■ Prompt ■
What you return must be every line from the beginning of the data through the line holding "padint p = lim_n", unchanged.

■ Supplied material ■
(* Let $L_{\mathbb{Z}_p}$ be a lattice with integral quadratic form $Q_L$ and consider $\Lambda_0=L_{\mathbb{Z}_p}\perp H^2=L_{\mathbb{Z}_p}\oplus\mathbb{Z}_p^4$ with $Q(x_L,x_0,x_1,x_2,x_3)=Q_L(x_L)+x_0x_1+x_2x_3$. Let $w\in\Lambda_0$ with $Q(w)\neq0$. Then the orthogonal complement $\langle w\rangle^\perp=\{x\in\Lambda_0:\langle w,x\rangle=0\}$ (with the restricted form) is isometric to $H\perp\Lambda$ for some lattice $\Lambda$.
   Context: $\langle v,w\rangle=Q(v+w)-Q(v)-Q(w)$ is the bilinear form of $Q$; $Q_L$ integral means $Q_L(L_{\mathbb{Z}_p})\subseteq\mathbb{Z}_p$. $H$ denotes the hyperbolic plane $\mathbb{Z}_p^2$ with $Q(x,y)=xy$ and $H^2=H\perp H$. *)

From HB Require Import structures.
From mathcomp Require Import all_boot all_order all_algebra.
From Stdlib Require Import ClassicalEpsilon FunctionalExtensionality ProofIrrelevance.
Set Implicit Arguments. Unset Strict Implicit. Unset Printing Implicit Defensive.
Import GRing.Theory.
Local Open Scope ring_scope.

(* The ring Z_p of p-adic integers, built as the inverse limit         *)
(*   padint p = lim_n Z/p^(n+1)Z                                       *)
(* of coherent sequences (x_n)_n with x_n in 'Z_(p^(n+1)) and          *)
(* x_{n+1} = x_n mod p^(n+1).  For p <= 1 the base is replaced by 2    *)
(* (as for 'Z_p), so the construction is only meaningful for prime p,  *)
(* which the main theorem assumes.                                     *)
Definition padq (p : nat) : nat := maxn p 2.
Definition padM (p n : nat) : nat := (padq p ^ n.+1)%N.
Lemma padM_gt1 p n : (1 < padM p n)%N.
Proof.
rewrite /padM /padq; have h : (1 < maxn p 2)%N by rewrite leq_max orbT.
by rewrite (leq_trans h) // -{1}(expn1 (maxn p 2)) leq_pexp2l // ltnW.
Qed.
Definition padL (p n : nat) := 'Z_(padM p n).
Definition padred (p n : nat) (a : padL p n.+1) : padL p n := (val a)%:R.

Lemma padredK p n k : padred (k%:R : padL p n.+1) = k%:R.
Proof.
apply: val_inj => /=; rewrite /padred.
rewrite !val_Zp_nat ?padM_gt1 //.
have -> : val (k%:R : padL p n.+1) = (k %% padM p n.+1)%N by exact: val_Zp_nat (padM_gt1 p n.+1) k.
have hd : (padM p n %| padM p n.+1)%N by rewrite /padM dvdn_exp2l.
exact: (modn_dvdm k hd).
Qed.
Lemma padredD p n a b : padred (a + b : padL p n.+1) = padred a + padred b.
Proof. by rewrite -(natr_Zp a) -(natr_Zp b) -natrD !padredK natrD. Qed.
Lemma padredM p n a b : padred (a * b : padL p n.+1) = padred a * padred b.
Proof. by rewrite -(natr_Zp a) -(natr_Zp b) -natrM !padredK natrM. Qed.
Lemma padred1 p n : padred (1 : padL p n.+1) = 1.
Proof. by rewrite -(natr_Zp 1) padredK. Qed.
Lemma padred0 p n : padred (0 : padL p n.+1) = 0.
Proof. by rewrite -(natr_Zp 0) padredK. Qed.
Lemma padredN p n a : padred (- a : padL p n.+1) = - padred a.
Proof. by apply/eqP; rewrite -subr_eq0 opprK -padredD addNr padred0. Qed.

■ Response ■
(* Let $L_{\mathbb{Z}_p}$ be a lattice with integral quadratic form $Q_L$ and consider $\Lambda_0=L_{\mathbb{Z}_p}\perp H^2=L_{\mathbb{Z}_p}\oplus\mathbb{Z}_p^4$ with $Q(x_L,x_0,x_1,x_2,x_3)=Q_L(x_L)+x_0x_1+x_2x_3$. Let $w\in\Lambda_0$ with $Q(w)\neq0$. Then the orthogonal complement $\langle w\rangle^\perp=\{x\in\Lambda_0:\langle w,x\rangle=0\}$ (with the restricted form) is isometric to $H\perp\Lambda$ for some lattice $\Lambda$.
   Context: $\langle v,w\rangle=Q(v+w)-Q(v)-Q(w)$ is the bilinear form of $Q$; $Q_L$ integral means $Q_L(L_{\mathbb{Z}_p})\subseteq\mathbb{Z}_p$. $H$ denotes the hyperbolic plane $\mathbb{Z}_p^2$ with $Q(x,y)=xy$ and $H^2=H\perp H$. *)

From HB Require Import structures.
From mathcomp Require Import all_boot all_order all_algebra.
From Stdlib Require Import ClassicalEpsilon FunctionalExtensionality ProofIrrelevance.
Set Implicit Arguments. Unset Strict Implicit. Unset Printing Implicit Defensive.
Import GRing.Theory.
Local Open Scope ring_scope.

(* The ring Z_p of p-adic integers, built as the inverse limit         *)
(*   padint p = lim_n Z/p^(n+1)Z                                       *)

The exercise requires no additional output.